- [THE PROBLEM]
The string "Import" may appear in lines of the data; report how many lines contain it, with no other output.

- - - - - - -

(* Let $X=X_F\uplus X_H$ be a set of $n\ge1$ clocks, $M\in\mathbb{N}$, and let $v_1,v_2$ be valuations with $v_1\sim_M v_2$. Let $L=\{x\in X\mid -M\le v_1(x)\}$. Then there is a valuation $v_2'$ such that $v_2'\!\downarrow_L=v_2\!\downarrow_L$ and $v_1\approx_M v_2'$.
   Context: $X_F$ are future clocks, $X_H$ history clocks. $\overline{\mathbb{R}}=\mathbb{R}\cup\{\pm\infty\}$ with $(+\infty)+\alpha=+\infty$, $(-\infty)+\beta=-\infty$ for $\beta\ne+\infty$, $-(\pm\infty)=\mp\infty$. A valuation $v:X\cup\{0\}\to\overline{\mathbb{R}}$ has $v(0)=0$, $v(x)\in\mathbb{R}_{\ge0}\cup\{+\infty\}$ for $x\in X_H$, $v(x)\in\mathbb{R}_{\le0}\cup\{-\infty\}$ for $x\in X_F$; $v\!\downarrow_L$ is the restriction of $v$ to $L$; $v\models x-y\triangleleft c$ iff $v(x)-v(y)\triangleleft c$. For $\alpha\in\mathbb{R}$, $\{\alpha\}=\alpha-\lfloor\alpha\rfloor$. $\sim$: for $K\in\mathbb{N}$, $\alpha\sim_K\beta$ iff $\alpha\triangleleft c\iff\beta\triangleleft c$ for all ${\triangleleft}\in\{<,\le\}$ and $c\in\{\pm\infty\}$ or $c\in\mathbb{Z}$ with $|c|\le K$; $v_1\sim_M v_2$ iff $v_1(x)\sim_{nM}v_2(x)$ for all $x\in X$ and $v_1(x)-v_1(y)\sim_{(n+1)M}v_2(x)-v_2(y)$ for all $x,y\in X$, with $n=|X|$. $\approx$: $v_1\approx_M v_2$ iff for all clocks $x,y$: (1) $v_1(x)\triangleleft c\iff v_2(x)\triangleleft c$ for ${\triangleleft}\in\{<,\le\}$ and $c\in\{\pm\infty\}$ or $c\in\mathbb{Z}$ with $c\le M$; (2) $v_1\models x-y\triangleleft c\iff v_2\models x-y\triangleleft c$ for ${\triangleleft}\in\{<,\le\}$ and $c\in\{\pm\infty\}$ or $c\in\mathbb{Z}$ with $|c|\le M$; (3) if $-\infty<v_1(x),v_1(y)\le M$ then $\{v_1(x)\}\le\{v_1(y)\}\iff\{v_2(x)\}\le\{v_2(y)\}$. *)

From HB Require Import structures.
From mathcomp Require Import all_boot all_order all_algebra.
From mathcomp Require Import all_classical all_reals.
From mathcomp Require Import constructive_ereal.
Set Implicit Arguments. Unset Strict Implicit. Unset Printing Implicit Defensive.
Import Order.TTheory GRing.Theory Num.Theory.
Local Open Scope ring_scope.
Local Open Scope ereal_scope.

- - - - - - -

- [SOLUTION TO THIS PROBLEM]
5